When a line below contains the string "prec", show that line.

=== Records ===

(* Let $(G,\preceq)$ be a left-ordered group. Let $S^+$ be the set of elements $h\succ id$ such that $h\preceq w$ for every crossing $(f,g,u,v,w)$ of the left-translation action of $G$ on $(G,\preceq)$ with $id\preceq u$; let $S^-$ be the set of elements $h\prec id$ such that $w\preceq h$ for every such crossing with $v\preceq id$; and let $S=\{id\}\cup S^+\cup S^-$. Then the Conradian soul of $(G,\preceq)$ coincides with $S$.
   Context: A left-ordering is a total order invariant under left multiplication; it is Conradian if for all $f\succ id$, $g\succ id$ there is $n\in\mathbb{N}$ with $fg^n\succ g$. A subset $C$ is convex if $f_1\prec h\prec f_2$ with $f_1,f_2\in C$ implies $h\in C$. The Conradian soul $C_\preceq(G)$ is the maximal (for inclusion) $\preceq$-convex subgroup on which the restriction of $\preceq$ is Conradian. A crossing for the left-translation action is a 5-tuple $(f,g,u,v,w)$ of elements of $G$ with: $u\prec w\prec v$; $g^nu\prec v$ and $f^nv\succ u$ for all $n\in\mathbb{N}$; and $f^Nv\prec w\prec g^Mu$ for some $M,N\in\mathbb{N}$. *)

Section LO.
Variables (G : Type) (mul : G -> G -> G) (e : G) (inv : G -> G)
          (lt : G -> G -> Prop).

Definition is_group : Prop :=
  (forall a b c, mul a (mul b c) = mul (mul a b) c) /\
  (forall a, mul e a = a) /\ (forall a, mul a e = a) /\
  (forall a, mul (inv a) a = e) /\ (forall a, mul a (inv a) = e).

Definition le (a b : G) : Prop := lt a b \/ a = b.

Definition is_left_ordering : Prop :=
  (forall a, ~ lt a a) /\
  (forall a b c, lt a b -> lt b c -> lt a c) /\
  (forall a b, lt a b \/ a = b \/ lt b a) /\
  (forall a b c, lt a b -> lt (mul c a) (mul c b)).

Fixpoint pow (g : G) (n : nat) : G :=
  match n with O => e | S n => mul g (pow g n) end.

Definition is_subgroup (C : G -> Prop) : Prop :=
  C e /\ (forall a b, C a -> C b -> C (mul a b)) /\ (forall a, C a -> C (inv a)).

Definition is_convex (C : G -> Prop) : Prop :=
  forall f1 h f2, C f1 -> C f2 -> lt f1 h -> lt h f2 -> C h.

Definition conradian_on (C : G -> Prop) : Prop :=
  forall f g, C f -> C g -> lt e f -> lt e g ->
    exists n : nat, lt g (mul f (pow g n)).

===

Answer for the task
(* Let $(G,\preceq)$ be a left-ordered group. Let $S^+$ be the set of elements $h\succ id$ such that $h\preceq w$ for every crossing $(f,g,u,v,w)$ of the left-translation action of $G$ on $(G,\preceq)$ with $id\preceq u$; let $S^-$ be the set of elements $h\prec id$ such that $w\preceq h$ for every such crossing with $v\preceq id$; and let $S=\{id\}\cup S^+\cup S^-$. Then the Conradian soul of $(G,\preceq)$ coincides with $S$.
   Context: A left-ordering is a total order invariant under left multiplication; it is Conradian if for all $f\succ id$, $g\succ id$ there is $n\in\mathbb{N}$ with $fg^n\succ g$. A subset $C$ is convex if $f_1\prec h\prec f_2$ with $f_1,f_2\in C$ implies $h\in C$. The Conradian soul $C_\preceq(G)$ is the maximal (for inclusion) $\preceq$-convex subgroup on which the restriction of $\preceq$ is Conradian. A crossing for the left-translation action is a 5-tuple $(f,g,u,v,w)$ of elements of $G$ with: $u\prec w\prec v$; $g^nu\prec v$ and $f^nv\succ u$ for all $n\in\mathbb{N}$; and $f^Nv\prec w\prec g^Mu$ for some $M,N\in\mathbb{N}$. *)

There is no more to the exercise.